The Cinematheque, a CIA favorite for sophisticated film, has a new home in the Peter B. Lewis Theater complete with 300 plush seats. We talked with John Ewing, who co-founded Cinematheque in 1985, about the transition.
A lot of us, including me, are a little bit melancholy about losing the old auditorium, which has charm and character. My first gesture was to kind of clench my heart.
I think people will be happy [in the new space]. Every seat is a good seat, because it's so large and the sight lines are so good. Moviegoing should be a more immersive experience in the new theater than it was in the old one.
People are enamored with the technology, but we're still going to be showing a lot of black-and-white films in mono. We didn't want to lose the 35 mm capability. We'll just be able to project everything better.

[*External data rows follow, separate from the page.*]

Lemma sumr_indicator (R : pzSemiRingType) (I : finType) (P : pred I) :
  (\sum_i (P i)%:R = #|P|%:R :> R)%R.
Proof.
rewrite -sum1_card natr_sum [RHS]big_mkcond /=.
by apply: eq_bigr => i _; have -> : (i \in P) = P i by []; case: (P i).
Qed.

Section FirstClasses.
Local Open Scope ring_scope.
Variables (R : realType) (n a c k : nat) (e : rel 'I_n) (f : {ffun 'I_n -> 'I_c}).
Hypothesis f_stable : forall i j, e i j -> f i != f j.
Hypothesis f_equitable : forall t, #|[set i | f i == t]| = a.
Hypothesis k_le_c : (k <= c)%N.

Definition class_ind : 'M[R]_(n, c) := \matrix_(i, t) ((f i == t) && (t < k)%N)%:R.
Definition first_cols : 'rV[R]_c := \row_t (t < k)%N%:R.
Definition first_verts : 'cV[R]_n := \col_i (f i < k)%N%:R.
Definition class_gram : 'M[R]_n := class_ind *m class_ind^T.

Lemma sum_fiber t : \sum_i ((f i == t)%:R : R) = a%:R.
Proof.
rewrite sumr_indicator -(f_equitable t); congr _%:R.
by apply: eq_card => i; rewrite inE.
Qed.

Lemma class_gramE i j : class_gram i j = ((f i == f j) && (f i < k)%N)%:R.
Proof.
rewrite !mxE (bigD1 (f i)) //= big1 ?addr0 => [|t nt]; rewrite !mxE.
  rewrite eqxx [f j == f i]eq_sym.
  by case: (f i == f j); case: (f i < k)%N; rewrite /= ?mul1r ?mul0r.
by rewrite eq_sym (negbTE nt) mul0r.
Qed.

Lemma diagv_class_gram : diagv class_gram = first_verts.
Proof. by apply/colP => i; rewrite [LHS]mxE class_gramE eqxx mxE. Qed.

Lemma class_ind_first_cols : class_ind *m first_cols^T = first_verts.
Proof.
apply/colP => i; rewrite !mxE (bigD1 (f i)) //= big1 ?addr0 => [|t nt]; rewrite !mxE.
  by rewrite eqxx; case: (f i < k)%N; rewrite ?mulr1 ?mul0r.
by rewrite eq_sym (negbTE nt) mul0r.
Qed.

Lemma first_cols_norm : (first_cols *m first_cols^T) 0 0 = k%:R.
Proof.
rewrite mxE -(card_ord_lt k_le_c) -sumr_indicator.
by apply: eq_bigr => t _; rewrite !mxE /=; case: (t < k)%N; rewrite ?mulr1 ?mulr0.
Qed.

Lemma trace_class_gram : \tr class_gram = (k * a)%:R.
Proof.
rewrite /mxtrace (eq_bigr (fun i => (f i < k)%N%:R)) => [|i _]; last first.
  by rewrite class_gramE eqxx.
rewrite sumr_indicator (eq_card (B := [set i | f i < k]%N)) => [|i]; last by rewrite !inE.
by rewrite (card_fibers f_equitable [pred t : 'I_c | t < k]%N) card_ord_lt.
Qed.

Lemma sum_entries_class_gram : sum_entries class_gram = a%:R * \tr class_gram.
Proof.
rewrite /sum_entries /mxtrace mulr_sumr; apply: eq_bigr => i _.
rewrite (eq_bigr (fun j => (f j == f i)%:R * (f i < k)%N%:R)) => [|j _]; last first.
  by rewrite class_gramE -mulnb natrM eq_sym.
by rewrite -mulr_suml sum_fiber class_gramE eqxx.
Qed.

Lemma class_gram_sqr : class_gram *m class_gram = a%:R *: class_gram.
Proof.
apply/matrixP => i j; rewrite [LHS]mxE [RHS]mxE class_gramE.
have term l : class_gram i l * class_gram l j =
    (f l == f i)%:R * ((f i == f j) && (f i < k)%N)%:R.
  rewrite !class_gramE; case: (eqVneq (f l) (f i)) => [->|nli].
    by case: (f i < k)%N; rewrite /= ?mul0r ?mul1r ?andbF.
  by rewrite /= !mul0r.
by rewrite (eq_bigr _ (fun l _ => term l)) -mulr_suml sum_fiber.
Qed.

Lemma class_gram_sym : symmx class_gram.
Proof. by rewrite /symmx trmx_mul trmxK. Qed.

Lemma class_gram_zero_on_edges : zero_on_edges e class_gram.
Proof. by move=> i j /f_stable fij; rewrite class_gramE (negbTE fij). Qed.

Lemma class_gram_nonneg : nonneg_mx class_gram.
Proof. by move=> i j; rewrite class_gramE ler0n. Qed.

Lemma class_gram_diag_le1 i : class_gram i i <= 1.
Proof. by rewrite class_gramE; case: (_ && _). Qed.

Hypothesis a_gt0 : (0 < a)%N.

Definition vartheta_point : 'M[R]_n := a%:R^-1 *: class_gram.

Lemma vartheta_point_idem : vartheta_point *m vartheta_point = vartheta_point.
Proof.
have a_neq0 : a%:R != 0 :> R by rewrite pnatr_eq0 -lt0n.
by rewrite -scalemxAl -scalemxAr class_gram_sqr !scalerA mulfVK.
Qed.

Lemma vartheta_point_feasible :
  [/\ symmx vartheta_point, zero_on_edges e vartheta_point,
      \tr vartheta_point = k%:R, psd vartheta_point & psd (1%:M - vartheta_point)]
  /\ nonneg_mx vartheta_point /\ sum_entries vartheta_point = (k * a)%:R.
Proof.
have a_neq0 : a%:R != 0 :> R by rewrite pnatr_eq0 -lt0n.
have symV : symmx vartheta_point by rewrite /symmx linearZ /= class_gram_sym.
split; [split=> // | split].
- by move=> i j eij; rewrite mxE class_gram_zero_on_edges ?mulr0.
- by rewrite mxtraceZ trace_class_gram natrM mulrC mulfK.
- exact: (psd_sym_idem symV vartheta_point_idem).
- exact: (psd_1_sub_sym_idem symV vartheta_point_idem).
- by move=> i j; rewrite mxE mulr_ge0 ?invr_ge0 ?ler0n ?class_gram_nonneg.
rewrite sum_entries_qform qformZ -sum_entries_qform sum_entries_class_gram.
by rewrite mulKf // trace_class_gram.
Qed.

Lemma theta3_point_feasible :
  [/\ symmx class_gram, zero_on_edges e class_gram, (forall i, class_gram i i <= 1),
      nonneg_mx class_gram & psd (border k%:R (diagv class_gram) class_gram)].
Proof.
split; [exact: class_gram_sym | exact: class_gram_zero_on_edges |
        exact: class_gram_diag_le1 | exact: class_gram_nonneg |].
rewrite diagv_class_gram -class_ind_first_cols -first_cols_norm.
exact: psd_border_gram.
Qed.

Hypothesis k_gt0 : (0 < k)%N.

(* Chosen so that class_gram + (k - 1) theta1_X = first_verts first_verts^T is
   rank one.  For k = 1 the division by zero makes theta1_X = 0, and then
   class_gram is already that rank-one matrix. *)
Definition theta1_X : 'M[R]_n :=
  (k%:R - 1)^-1 *: (first_verts *m first_verts^T - class_gram).

Lemma first_verts_outerE i j :
  (first_verts *m first_verts^T) i j = (f i < k)%N%:R * (f j < k)%N%:R.
Proof. by rewrite mxE big_ord1 !mxE. Qed.

Lemma theta1_XE i j : theta1_X i j =
  (k%:R - 1)^-1 * ((f i < k)%N%:R * (f j < k)%N%:R - class_gram i j).
Proof. by rewrite -first_verts_outerE /theta1_X !mxE. Qed.
(* Every word g equals retr(g) z^e(g): for a single letter this is immediate
   (for a_1 it reads A^-1 z = a_1), and phi is multiplicative. *)
Lemma letter_normal_form (x : 'I_n) b :
  peq (relG H) (phi (if b then retr_gen x else winv (retr_gen x),
                     if is_a1 x then (if b then 1 else -1)%R else 0%R)) [:: (x, b)].
Proof.
rewrite /phi /retr_gen /is_a1; case: insubP => [u hx ux | hx] /=.
  by rewrite (negbTE (lt0n_neq0 hx)) cats0; case: b; rewrite /= /incl ux; apply: peq_refl.
have x_a1 : x = a1 by apply: val_inj; move: hx; rewrite lt0n negbK => /eqP.
rewrite x_a1 eqxx; case: b => /=; rewrite cats0 ?winvK ?wmap_inv wmap_Aword.
  apply: peq_trans (zword_central _) _; rewrite zword_split.
  by have := peq_catl [:: (a1, true)] (peq_invr (relG H) (pos (tail_gens n))); rewrite cats0.
by rewrite zword_split winv_cons catA; apply: (@peq_catr _ _ _ [::]); apply: peq_invr.
Qed.

Lemma normal_form g : peq (relG H) (phi (retr g, es (@is_a1 n) g)) g.
Proof.
elim: g => [|[x b] g IH]; first exact: peq_refl.
rewrite /retr /= -/(retr _) /= -[_ :: g]/([:: (x, b)] ++ g).
apply: peq_trans (phi_morph _ _ _ _) _.
exact: peq_trans (peq_catr _ (letter_normal_form x b)) (peq_catl _ IH).
Qed.

End TheGroup.
(* In the fixed-base chain setting of the context, let $i\in\{1,\ldots,N\}$ and suppose $\mathbf{V}_{i-1}$ is a matrix with $\mathrm{Range}(\mathbf{V}_{i-1})=\mathcal{V}_{i-1}$ (for $i=1$ one may take $\mathbf{V}_0=\mathbf{0}_{6\times1}$). Let ${}^{J_i}\mathbf{V}_{i-1}={}^{J_i}\mathbf{X}_{i-1}\mathbf{V}_{i-1}$. Then the matrix $$\mathbf{V}_i=\Big[\ {}^{J_i}\mathbf{V}_{i-1},\ (\boldsymbol{\Phi}_i\times){}^{J_i}\mathbf{V}_{i-1},\ \ldots,\ (\boldsymbol{\Phi}_i\times)^5\,{}^{J_i}\mathbf{V}_{i-1},\ \ \boldsymbol{\Phi}_i\ \Big]$$ (i.e. the controllability matrix of the pair $((\boldsymbol\Phi_i\times),{}^{J_i}\mathbf V_{i-1})$ augmented by the column $\boldsymbol\Phi_i$) satisfies $\mathrm{Range}(\mathbf{V}_i)=\mathcal{V}_i$.
   Context: Spatial notation. For $\mathbf{x}\in\mathbb{R}^3$, $\mathbf{S}(\mathbf{x})$ is the skew-symmetric matrix with $\mathbf{S}(\mathbf{x})\mathbf{y}=\mathbf{x}\times\mathbf{y}$. For $\mathbf{v}=[\boldsymbol{\omega};\mathbf{u}]\in\mathbb{R}^6$, $(\mathbf{v}\times)=\begin{bmatrix}\mathbf{S}(\boldsymbol{\omega})&\mathbf{0}\\ \mathbf{S}(\mathbf{u})&\mathbf{S}(\boldsymbol{\omega})\end{bmatrix}$. A spatial transform is a matrix $\begin{bmatrix}\mathbf{R}&\mathbf{0}\\-\mathbf{R}\mathbf{S}(\mathbf{p})&\mathbf{R}\end{bmatrix}$ with $\mathbf{R}\in SO(3)$, $\mathbf{p}\in\mathbb{R}^3$. Fixed-base chain. Body $0$ is the fixed ground with $\mathbf{v}_0=\mathbf{0}$. For $i=1,\ldots,N$, joint $i$ has coordinate $q_i\in\mathbb{R}$ and $\mathbf{v}_i={}^{i}\mathbf{X}_{i-1}(q_i)\mathbf{v}_{i-1}+\boldsymbol{\Phi}_i\dot q_i$, where $\boldsymbol{\Phi}_i\in\mathbb{R}^6$ is fixed, ${}^{i}\mathbf{X}_{i-1}(q_i)={}^{i}\mathbf{X}_{J_i}(q_i)\,{}^{J_i}\mathbf{X}_{i-1}$, ${}^{J_i}\mathbf{X}_{i-1}$ is a constant spatial transform, and ${}^{i}\mathbf{X}_{J_i}(q_i)$ is a spatial transform with ${}^{i}\mathbf{X}_{J_i}(0)=\mathbf{1}_6$ and $\frac{d}{dq_i}{}^{i}\mathbf{X}_{J_i}(q_i)=-(\boldsymbol{\Phi}_i\times){}^{i}\mathbf{X}_{J_i}(q_i)$. The attainable velocity span of body $i$ is $\mathcal{V}_i=\mathrm{span}\{\mathbf{v}_i(\mathbf{q},\dot{\mathbf{q}}):\mathbf{q},\dot{\mathbf{q}}\in\mathbb{R}^N\}\subseteq\mathbb{R}^6$, with $\mathcal V_0=\{\mathbf 0\}$. *)

From Stdlib Require Import Reals Lra Lia List Arith.
Import ListNotations.
Open Scope R_scope.
Lemma sum_subset_weight_le1 A (P : pred {set T}) :
  \sum_(S : {set T} | (S \subset A) && P S) subset_weight A S <= 1.
Proof.
rewrite -(sum_subset_weight A) [leRHS](bigID P) /= lerDl.
by apply: sumr_ge0 => S _; apply: subset_weight_ge0.
Qed.

Lemma markov_subset_weight A (P : pred {set T}) (Y : {set T} -> R) a :
  0 < a -> (forall S, 0 <= Y S) -> (forall S, S \subset A -> Y S <= a -> P S) ->
  1 - (\sum_(S : {set T} | S \subset A) subset_weight A S * Y S) / a
    <= \sum_(S : {set T} | (S \subset A) && P S) subset_weight A S.
Proof.
move=> a_gt0 Y_ge0 YP.
rewrite -[X in X - _](sum_subset_weight A) mulr_suml -sumrB big_mkcondr /=.
apply: ler_sum => S SA; rewrite -mulrA -[X in X - _]mulr1 -mulrBr.
case: ifP => PS.
  by rewrite ler_piMr ?subset_weight_ge0 // lerBlDr lerDl divr_ge0 // ltW.
rewrite mulr_ge0_le0 ?subset_weight_ge0 // subr_le0 ler_pdivlMr // mul1r ltW //.
by rewrite ltNge; apply: contraFN PS => /(YP S SA).
Qed.

End RandomSubset.

Lemma subgraph_probE (R : realType) d (p : R) (P : pred {set vert d * 'I_d}) :
  subgraph_prob p P
    = \sum_(S : {set vert d * 'I_d} | (S \subset cube_edges d) && P S)
        subset_weight p (cube_edges d) S.
Proof. by []. Qed.

Lemma bin_mul_expr_div_le (R : realFieldType) n J (x : R) :
  0 <= x -> (0 < n)%N ->
  'C(n, J)%:R * (x / n%:R) ^+ J <= x ^+ J / J`!%:R.
Proof.
move=> x_ge0 n_gt0.
have fact_neq0 : J`!%:R != 0 :> R by rewrite pnatr_eq0 -lt0n fact_gt0.
have -> : 'C(n, J)%:R * (x / n%:R) ^+ J
    = ('C(n, J) * J`!)%:R / (n ^ J)%:R * (x ^+ J / J`!%:R) :> R.
  rewrite natrM natrX expr_div_n; field.
  by rewrite fact_neq0 expf_neq0 ?pnatr_eq0 -?lt0n.
rewrite ler_piMl ?divr_ge0 ?exprn_ge0 // ler_pdivrMr ?ltr0n ?expn_gt0 ?n_gt0 //.
by rewrite mul1r ler_nat leq_bin_fact_exp.
Qed.

Section FirstMoment.
Variables (R : realType) (d : nat).
Local Notation E := (cube_edges d).

Lemma sum_subset_weight_star_count_le (p : R) J : 0 <= p ->
  \sum_(S : {set vert d * 'I_d} | S \subset E)
      subset_weight p E S * (star_count S J)%:R
    <= (2 ^ d)%:R * ('C(d, J)%:R * p ^+ J).
Proof.
move=> p_ge0; under eq_bigr do rewrite natr_sum big_distrr /=.
rewrite exchange_big /= mulr_natl -card_vert -sumr_const; apply: ler_sum => v _.
rewrite sum_subset_weight_bin ler_wpM2r ?exprn_ge0 // ler_nat.
by rewrite leq_bin2l // card_incident_cube_edges.
Qed.

Lemma sum_subset_weight_scaled_star_count_le (x : R) J : 0 <= x -> (0 < d)%N ->
  \sum_(S : {set vert d * 'I_d} | S \subset E)
      subset_weight (x / d%:R) E S * (J * star_count S J)%:R
    <= (2 ^ d)%:R * ((2 * x) ^+ J / J`!%:R).
Proof.
move=> x_ge0 d_gt0.
under eq_bigr do rewrite natrM mulrCA.
rewrite -big_distrr /=.
apply: le_trans (ler_wpM2l (ler0n _ J) (sum_subset_weight_star_count_le _ _)) _.
  by rewrite divr_ge0.
rewrite mulrCA ler_wpM2l // [(2 * x) ^+ J]exprMn.
apply: le_trans (ler_wpM2l (ler0n _ J) (bin_mul_expr_div_le J x_ge0 d_gt0)) _.
rewrite mulrA ler_wpM2r ?invr_ge0 ?ler0n // ler_wpM2r ?exprn_ge0 //.
by rewrite -natrX ler_nat ltnW // ltn_expl.
Qed.

End FirstMoment.

Lemma powR_le_expR (R : realType) (x y k : R) : 0 <= k -> 0 < x -> ln x <= y ->
  x `^ k <= expR (k * y).
Proof. by move=> k_ge0 x_gt0 xy; rewrite /powR gt_eqF // ler_expR ler_wpM2l. Qed.

Definition trunc_half_ln (R : realType) (d : nat) : nat :=
  Num.truncn (ln (d%:R : R) / 2).

Section LargeSetsSmallBoundary.
Variables (R : realType) (k c eps : R).
Hypotheses (k_gt0 : 0 < k) (c_gt0 : 0 < c) (eps_gt0 : 0 < eps).

Definition small_boundary d (S : {set vert d * 'I_d}) : bool :=
  [forall X : {set vert d},
     (c * (2 ^ d)%:R * (d%:R `^ (- k)) <= #|X|%:R) ==>
     ((#|edge_boundary S X|)%:R <= #|X|%:R * ln (d%:R : R))].

Lemma small_boundary_of_star_count d (S : {set vert d * 'I_d}) J :
  (0 < J)%N -> J%:R <= ln (d%:R : R) / 2 ->
  (J * star_count S J)%:R <= c * (2 ^ d)%:R * d%:R `^ (- k) * ln (d%:R : R) / 2 ->
  small_boundary S.
Proof.
move=> J_gt0 JL small_count; apply/forallP => X; apply/implyP => X_large.
set L := ln _ in JL small_count *; set m := c * _ * _ in small_count X_large.
have L_ge0 : 0 <= L / 2 by apply: le_trans JL.
apply: le_trans (_ : (#|X| * J + J * star_count S J)%:R <= _).
  by rewrite ler_nat card_edge_boundary_le_star_count.
have XJ : #|X|%:R * J%:R <= #|X|%:R * (L / 2) by rewrite ler_wpM2l.
have mX : m * (L / 2) <= #|X|%:R * (L / 2) by rewrite ler_wpM2r.
rewrite natrD natrM; rewrite -mulrA in small_count; lra.
Qed.

Definition fail_bound (J : nat) : R :=
  2 * expR (2 * k) / c * exp_coeff (2 * (1 + eps) * expR (2 * k)) J.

I would love to save the [old] auditorium exit doors and a couple of the seats. If we had a space, I would make a little display to remember our history. There are actually a few crazy people who would like to buy some of the seats. — as told to Sheehan Hannan
With curved walls, a polished concrete floor and theatrical lighting, CIA's new 3,500-square-foot Reinberger Gallery is an elegant upgrade from the East Boulevard space. Here are three highlights.
Student gallery: Facing Euclid Avenue, the gallery shows works created, curated, booked and organized by students. "It's really important that [the gallery] be not at the back of the building but right at the front," says Nunes.
Black box: The gallery is equipped with a black box space and an ultra-high-definition screen to show experimental films and multimedia projects.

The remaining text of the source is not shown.